B)All tables, charts, and other graphics will be presentation quality (PQ). Do not provide raw output from R or other software that has not been improved to PQ.
a)Tables, charts, and graphics should be legible and nicely positioned on the page (e.g. do not put them in the center of the page, do use features like text wrapping).
b)These should be large enough to convey the needed information, but do not make them so large that they dominate the page and minimize the space for your writing.
C)Use APA citation for reporting statistical results. See here for a brief example: http://my.ilstu.edu/~jhkahn/apastats.html
a)Use this when discussing your summary statistics.
b)When discussing regression coefficients in your text, you can simply refer to the number value, e.g. each additional gram of sugar corresponds to an average increase of 4.7 calories in the Starbuck drink (p<0.05).
D)The paper should be between 2 and 3 pages of narrative text. Your PQ descriptive table and scatterplot must be within these 3 pages. Any narrative text beyond 3 pages will cause you to lose points for going over the page length.
a)You may use a 3rd or 4th page for regression diagnostic plots and other tables that do not fit the main narrative text.
b)Use either Calibri or Times New Roman 11 or 12-point font with 1 line-spacing and two line spaces between paragraphs. Tables should be single spaced.
E)An R script file will be submitted and should contain everything relevant to your project.

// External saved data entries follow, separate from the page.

(* Every admissible radius reaches some other centre, and distinct centres are
   at positive distance. *)
Lemma rk_gt0 i : 0 < rk N c k i.
Proof.
have [|j0 j0i j0min] := @exists_argmin R _ [set~ i] (fun j => N (c i - c j)).
  by rewrite cardsC1 card_ord; move: k0 km; clear; lia.
have : 0 < N (c i - c j0).
  apply: (N_gt0 hN); rewrite subr_eq0; apply: contraTneq j0i => /hc ->.
  by rewrite !inE eqxx.
move/lt_le_trans; apply; apply: lb_le_inf.
  exists (\sum_j N (c i - c j)); split; first by apply: sumr_ge0 => j _; apply: N_ge0.
  apply: leq_trans (_ : (#|[set~ i]| <= _)%N).
    by rewrite cardsC1 card_ord; move: km; clear; lia.
  apply: subset_leq_card; apply/fintype.subsetP => j; rewrite !inE => ji.
  rewrite ji (bigD1 j) //= lerDl.
  by apply: sumr_ge0 => l _; apply: N_ge0.
move=> r [r0 kr]; have := leq_trans k0 kr; rewrite card_gt0.
case/set0Pn => j; rewrite inE => /andP[ji jr].
by apply: le_trans (j0min _ _) jr; rewrite !inE.
Qed.

End Radii.

Section Greedy.
Variables (R : realDomainType) (T : finType) (k : nat).
Variables (dist : T -> T -> R) (r : T -> R).
Hypothesis distC : forall u v, dist u v = dist v u.
Hypothesis few_close : forall v, (#|[set u | (u != v) && (dist v u < r v)%R]| < k)%N.

Definition radius_separated (I : {set T}) :=
  {in I &, forall j l, j != l -> r j <= dist j l}.

(* Repeatedly keep a point [v] of largest radius and discard the fewer than [k]
   points within distance [r v] of it. *)
Lemma greedy_separated (A : {set T}) :
  exists I : {set T}, [/\ I \subset A, (#|A| <= k * #|I|)%N & radius_separated I].
Proof.
move: {2}#|A|.+1 (ltnSn #|A|) => n; elim: n A => // n IH A An.
have [A0|] := posnP #|A|.
  exists finset.set0; split; rewrite ?finset.sub0set ?A0 //.
  by move=> j l; rewrite inE.
case/(exists_argmax r) => v vA vmax.
set C := [set u in A | (u != v) && (dist v u < r v)].
have A'A : (#|A :\: (v |: C)| < #|A|)%N.
  apply: (@leq_ltn_trans #|A :\ v|); last by rewrite (cardsD1 v A) vA.
  by apply/subset_leq_card/finset.setDS; rewrite finset.sub1set !inE eqxx.
have [I [IA AI sepI]] := IH _ (leq_trans A'A An).
have vI : v \notin I by apply/negP => /(fintype.subsetP IA); rewrite !inE eqxx.
have C_lt : (#|C| < k)%N.
  apply: leq_ltn_trans (few_close v); apply/subset_leq_card/fintype.subsetP => u.
  by rewrite !inE => /andP[_ ->].
exists (v |: I); split.
- rewrite finset.subUset finset.sub1set vA.
  exact: fintype.subset_trans IA (finset.subsetDl _ _).
- rewrite cardsU1 vI mulnDr muln1 addnC.
  have : A \subset (A :\: (v |: C)) :|: (v |: C).
    apply/fintype.subsetP => u uA; rewrite !inE uA.
    by case: (u == v); case: (dist v u < r v).
  move/subset_leq_card/leq_trans; apply; apply: leq_trans (leq_card_setU _ _) _.
  by rewrite leq_add // cardsU1 (leq_trans (leq_add (leq_b1 _) (leqnn _))).
- have far_v u : u \in I -> r v <= dist v u /\ r u <= dist v u.
    move/(fintype.subsetP IA); rewrite !inE negb_or => /andP[/andP[uv uC] uA].
    move: uC; rewrite uA uv /= -leNgt => ruv.
    by split => //; apply: le_trans ruv; apply: vmax.
  move=> j l; rewrite !inE => /orP[/eqP->|jI] /orP[/eqP->|lI]; rewrite ?eqxx //.
  + by move=> _; case: (far_v l lI).
  + by move=> _; rewrite distC; case: (far_v j jI).
  + exact: sepI.
Qed.

End Greedy.

Section Degree.
Variables (R : realType) (d m k : nat).
Variables (N : 'rV[R]_d -> R) (c : 'I_m -> 'rV[R]_d).
Hypothesis hN : is_norm N.
Hypothesis k0 : (0 < k)%N.
Hypothesis hc : injective c.
Hypothesis km : (k < m)%N.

a)Include your first and last name, INST 314 Project 4, and the last revised date at the top of the script as comments on separate lines.
b)Be sure to use comments and use of blank lines through your script to make your work easier to read and reproduce.
c)Make sure that your code is in order line by line, so that if I was to run it from line 1 to the end, I do not receive errors because your lines of code are out of order.